Print Page - Voxel <> IFS

To some it will be obvious to others maybe not, but if you take 8 simple affine transforms all scaling by 0.5 in all 3D with translations to the corners of a cube centred on the origin then the IFS tree from that can be adapted to generate the equivalent of a voxel object using distance estimation - in fact because the transforms are simple scale and translate any voxel object done this way could be rendered using KIFS i.e. just 8 tests per depth through the IFS with only one path to the next depth.

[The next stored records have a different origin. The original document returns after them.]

(* e*_{n,b}(s) = E exp(-s Omega_{n,b}).  Omega_{n,b} is the sum of K i.i.d.
   Exp(1+rho) holding times, K the absorption time of the jump chain above,
   independent of the holding times; hence
   E e^{-s Omega} = sum_k P(K = k) ((1+rho)/(1+rho+s))^k. *)
Definition estar (rho q : R) (s : C) (n b : nat) : C :=
  CSeries (fun k =>
    (RtoC (absorb rho q k n b) * Cpow (RtoC (1 + rho) / (RtoC (1 + rho) + s)) k)%C).

Definition Egen (rho q : R) (s u v : C) : C :=
  CSeries (fun n => CSeries (fun b =>
    (estar rho q s n (S b) * Cpow u n * Cpow v (S b))%C)).

Definition Fgen (rho q : R) (s u v : C) : C :=
  if excluded_middle_informative (u = RtoC q)
  then C_derive (fun w => Egen rho q s w v) (RtoC q)
  else ((Egen rho q s u v - Egen rho q s (RtoC q) v) / (u - RtoC q))%C.

Definition probN (rho q : R) (n : nat) : R :=
  match n with
  | O => 1 - rho / (1 - q)
  | S m => (1 - rho / (1 - q)) * rho * (rho + q) ^ m
  end.

Definition probB (q : R) (b : nat) : R :=
  match b with
  | O => 0
  | S m => (1 - q) * q ^ m
  end.

Definition sojournLT (rho q : R) (s : C) : C :=
  CSeries (fun n => CSeries (fun b =>
    (estar rho q s n (S b) * RtoC (probN rho q n) * RtoC (probB q (S b)))%C)).

(* Conditioning on the number N of jobs found by the tagged batch, whose law mixes a point
   mass at 0 with a geometric law of ratio rho + q, the transform of Omega equals
     K (q E(s;0,q) + rho E(s;rho+q,q)),   K = (1 - rho - q) / (q (rho + q)),
   and rho E(s;rho+q,q) = rho^2 F(s;rho+q,q) + rho E(s;q,q).  It remains to eliminate
   E(s;0,q).  First-step analysis of the tagged-batch chain in an otherwise empty system gives
     (1 + rho + s) e*_{0,b+1} = rho sum_j (1-q) q^j e*_{j+1,b+1} + e*_{0,b},
   and summing this against q^(b+1) yields
     (q + rho + q s - q^2) E(s;0,q) = rho (1 - q) E(s;q,q) + q^2.
   Every rearrangement of the double series is justified by |Re e*|, |Im e*| <= 1, which holds
   because the absorption probabilities have total mass at most 1 and
   |(1 + rho) / (1 + rho + s)| <= 1 when Re s >= 0. *)

From Stdlib Require Import Reals Lra Lia ClassicalEpsilon.
From Coquelicot Require Import Coquelicot.
Open Scope R_scope.

Lemma sum_n_incr_1 (u : nat -> R) N :
  sum_n u (S N) = u 0%nat + sum_n (fun k => u (S k)) N.
Proof.
  induction N as [|N IH].
  - rewrite sum_Sn, !sum_O. reflexivity.
  - rewrite sum_Sn, IH, (sum_Sn (fun k => u (S k))). unfold plus; simpl. ring.
Qed.

Lemma sum_n_lin (x y : R) (u v : nat -> R) N :
  sum_n (fun k => x * u k + y * v k) N = x * sum_n u N + y * sum_n v N.
Proof.
  induction N as [|N IH].
  - rewrite !sum_O. reflexivity.
  - rewrite !sum_Sn, IH. unfold plus; simpl. ring.
Qed.

(* The generic [scal] lemmas of Coquelicot, restated with [Rmult] so that they unify. *)
Lemma sum_n_Rscal_l (x : R) (u : nat -> R) N :
  sum_n (fun k => x * u k) N = x * sum_n u N.
Proof. exact (sum_n_scal_l x u N). Qed.

Lemma ex_series_Rscal_l (x : R) (u : nat -> R) :
  ex_series u -> ex_series (fun k => x * u k).
Proof. exact (ex_series_scal_l x u). Qed.

Lemma sum_n_le_sum_n (u : nat -> R) M N :
  (forall k, 0 <= u k) -> (M <= N)%nat -> sum_n u M <= sum_n u N.
Proof.
  intros Hu HMN. induction HMN as [|N _ IH]; [lra|].
  rewrite sum_Sn. unfold plus; simpl. specialize (Hu (S N)). lra.
Qed.

Lemma sum_n_nonneg (u : nat -> R) N : (forall k, 0 <= u k) -> 0 <= sum_n u N.
Proof.
  intros Hu. apply Rle_trans with (u 0%nat); [apply Hu|].
  rewrite <- sum_O. apply sum_n_le_sum_n; [exact Hu|lia].
Qed.

Lemma term_le_sum_n (u : nat -> R) k N :
  (forall k, 0 <= u k) -> (k <= N)%nat -> u k <= sum_n u N.
Proof.
  intros Hu Hk. apply Rle_trans with (sum_n u k); [|now apply sum_n_le_sum_n].
  destruct k as [|k]; [rewrite sum_O; lra|].
  rewrite sum_Sn. unfold plus; simpl.
  assert (0 <= sum_n u k) by now apply sum_n_nonneg.
  lra.
Qed.

(* No summability needed: on a divergent series [Series] returns the junk value 0. *)
Lemma Series_nonneg (u : nat -> R) : (forall k, 0 <= u k) -> 0 <= Series u.
Proof.
  intros Hu.
  assert (H : Rbar_le (Lim_seq (fun _ => 0)) (Lim_seq (sum_n u))).
  { apply Lim_seq_le_loc. exists 0%nat. intros N _. now apply sum_n_nonneg. }
  rewrite Lim_seq_const in H. unfold Series.
  destruct (Lim_seq (sum_n u)); simpl in *; lra.
Qed.

Lemma sum_n_zero N : sum_n (fun _ => 0) N = 0.
Proof. exact (sum_n_m_const_zero 0 N). Qed.

Lemma Series_zero : Series (fun _ => 0) = 0.
Proof.
  rewrite (Series_ext _ (fun _ => 0 * 1)) by (intros; ring).
  now rewrite Series_scal_l, Rmult_0_l.
Qed.

Lemma sum_n_le_Series (u : nat -> R) N :
  (forall k, 0 <= u k) -> ex_series u -> sum_n u N <= Series u.
Proof.
  intros Hu [l Hl]. rewrite (is_series_unique _ _ Hl).
  apply (is_lim_seq_incr_compare (sum_n u)); [exact Hl|].
  intros n. apply sum_n_le_sum_n; [exact Hu|lia].
Qed.

Lemma term_le_Series (u : nat -> R) k :
  (forall k, 0 <= u k) -> ex_series u -> u k <= Series u.
Proof.
  intros Hu Hex. apply Rle_trans with (sum_n u k).
  - now apply term_le_sum_n.
  - now apply sum_n_le_Series.
Qed.

Lemma ex_series_bounded_sums (u : nat -> R) L :
  (forall k, 0 <= u k) -> (forall N, sum_n u N <= L) -> ex_series u /\ Series u <= L.
Proof.
  intros Hu HL.
  destruct (ex_finite_lim_seq_incr (sum_n u) L) as [l Hl]; [|exact HL|].
  { intros n. rewrite sum_Sn. unfold plus; simpl. specialize (Hu (S n)). lra. }
  split; [now exists l|].
  rewrite (is_series_unique u l Hl).
  exact (is_lim_seq_le (sum_n u) (fun _ => L) l L HL Hl (is_lim_seq_const L)).
Qed.

Lemma ex_series_Rle (a b : nat -> R) :
  (forall n, Rabs (a n) <= b n) -> ex_series b -> ex_series a.
Proof. exact (@ex_series_le R_AbsRing R_CompleteNormedModule a b). Qed.

Lemma Series_sum_n_comm (b : nat -> nat -> R) K :
  (forall k, (k <= K)%nat -> ex_series (fun j => b j k)) ->
  ex_series (fun j => sum_n (b j) K) /\
  Series (fun j => sum_n (b j) K) = sum_n (fun k => Series (fun j => b j k)) K.
Proof.
  induction K as [|K IH]; intros Hex.
  - rewrite sum_O. split.
    + eapply ex_series_ext; [|apply (Hex 0%nat); lia]. intros j; now rewrite sum_O.
    + apply Series_ext. intros j; now rewrite sum_O.
  - destruct IH as [IH1 IH2]; [intros k Hk; apply Hex; lia|].
    assert (Hj : forall j, sum_n (b j) (S K) = sum_n (b j) K + b j (S K))
      by (intros j; now rewrite sum_Sn).
    rewrite (Series_ext _ _ Hj), sum_Sn, <- IH2. split.
    + eapply ex_series_ext; [intros j; symmetry; apply Hj|].
      exact (ex_series_plus _ _ IH1 (Hex (S K) (le_n _))).
    + apply Series_plus; [exact IH1|exact (Hex (S K) (le_n _))].
Qed.

Lemma Series_comm_nonneg_le (b : nat -> nat -> R) :
  (forall j k, 0 <= b j k) -> (forall j, ex_series (b j)) ->
  ex_series (fun j => Series (b j)) ->
  (forall k, ex_series (fun j => b j k)) /\ ex_series (fun k => Series (fun j => b j k)) /\
  Series (fun k => Series (fun j => b j k)) <= Series (fun j => Series (b j)).
Proof.
  intros Hb Hrow Hrows.
  assert (Hrow0 : forall j, 0 <= Series (b j)) by (intros j; now apply Series_nonneg).
  assert (Hcol : forall k, ex_series (fun j => b j k)).
  { intros k. apply (ex_series_bounded_sums _ (Series (fun j => Series (b j)))); [easy|].
    intros J. apply Rle_trans with (sum_n (fun j => Series (b j)) J).
    - apply sum_n_m_le. intros j. now apply term_le_Series.
    - now apply sum_n_le_Series. }
  destruct (ex_series_bounded_sums (fun k => Series (fun j => b j k))
              (Series (fun j => Series (b j)))) as [Hcols Hle].
  - intros k. now apply Series_nonneg.
  - intros K. destruct (Series_sum_n_comm b K (fun k _ => Hcol k)) as [_ <-].
    apply Series_le; [|exact Hrows]. intros j. split.
    + now apply sum_n_nonneg.
    + now apply sum_n_le_Series.
  - easy.
Qed.

Lemma Series_comm_nonneg (b : nat -> nat -> R) :
  (forall j k, 0 <= b j k) -> (forall j, ex_series (b j)) ->
  ex_series (fun j => Series (b j)) ->
  (forall k, ex_series (fun j => b j k)) /\ ex_series (fun k => Series (fun j => b j k)) /\
  Series (fun k => Series (fun j => b j k)) = Series (fun j => Series (b j)).
Proof.
  intros Hb Hrow Hrows.
  destruct (Series_comm_nonneg_le b Hb Hrow Hrows) as [Hcol [Hcols Hle]].
  destruct (Series_comm_nonneg_le (fun k j => b j k)) as [_ [_ Hge]]; auto.
  repeat split; auto. now apply Rle_antisym.
Qed.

On this basis I decided to investigate how much memory would be required for how much detail and, as a bonus, check that my understanding of box counting was correct.

So here is a little code - just a test global section and one user parameter as a UF formula (standard ufm not class-based).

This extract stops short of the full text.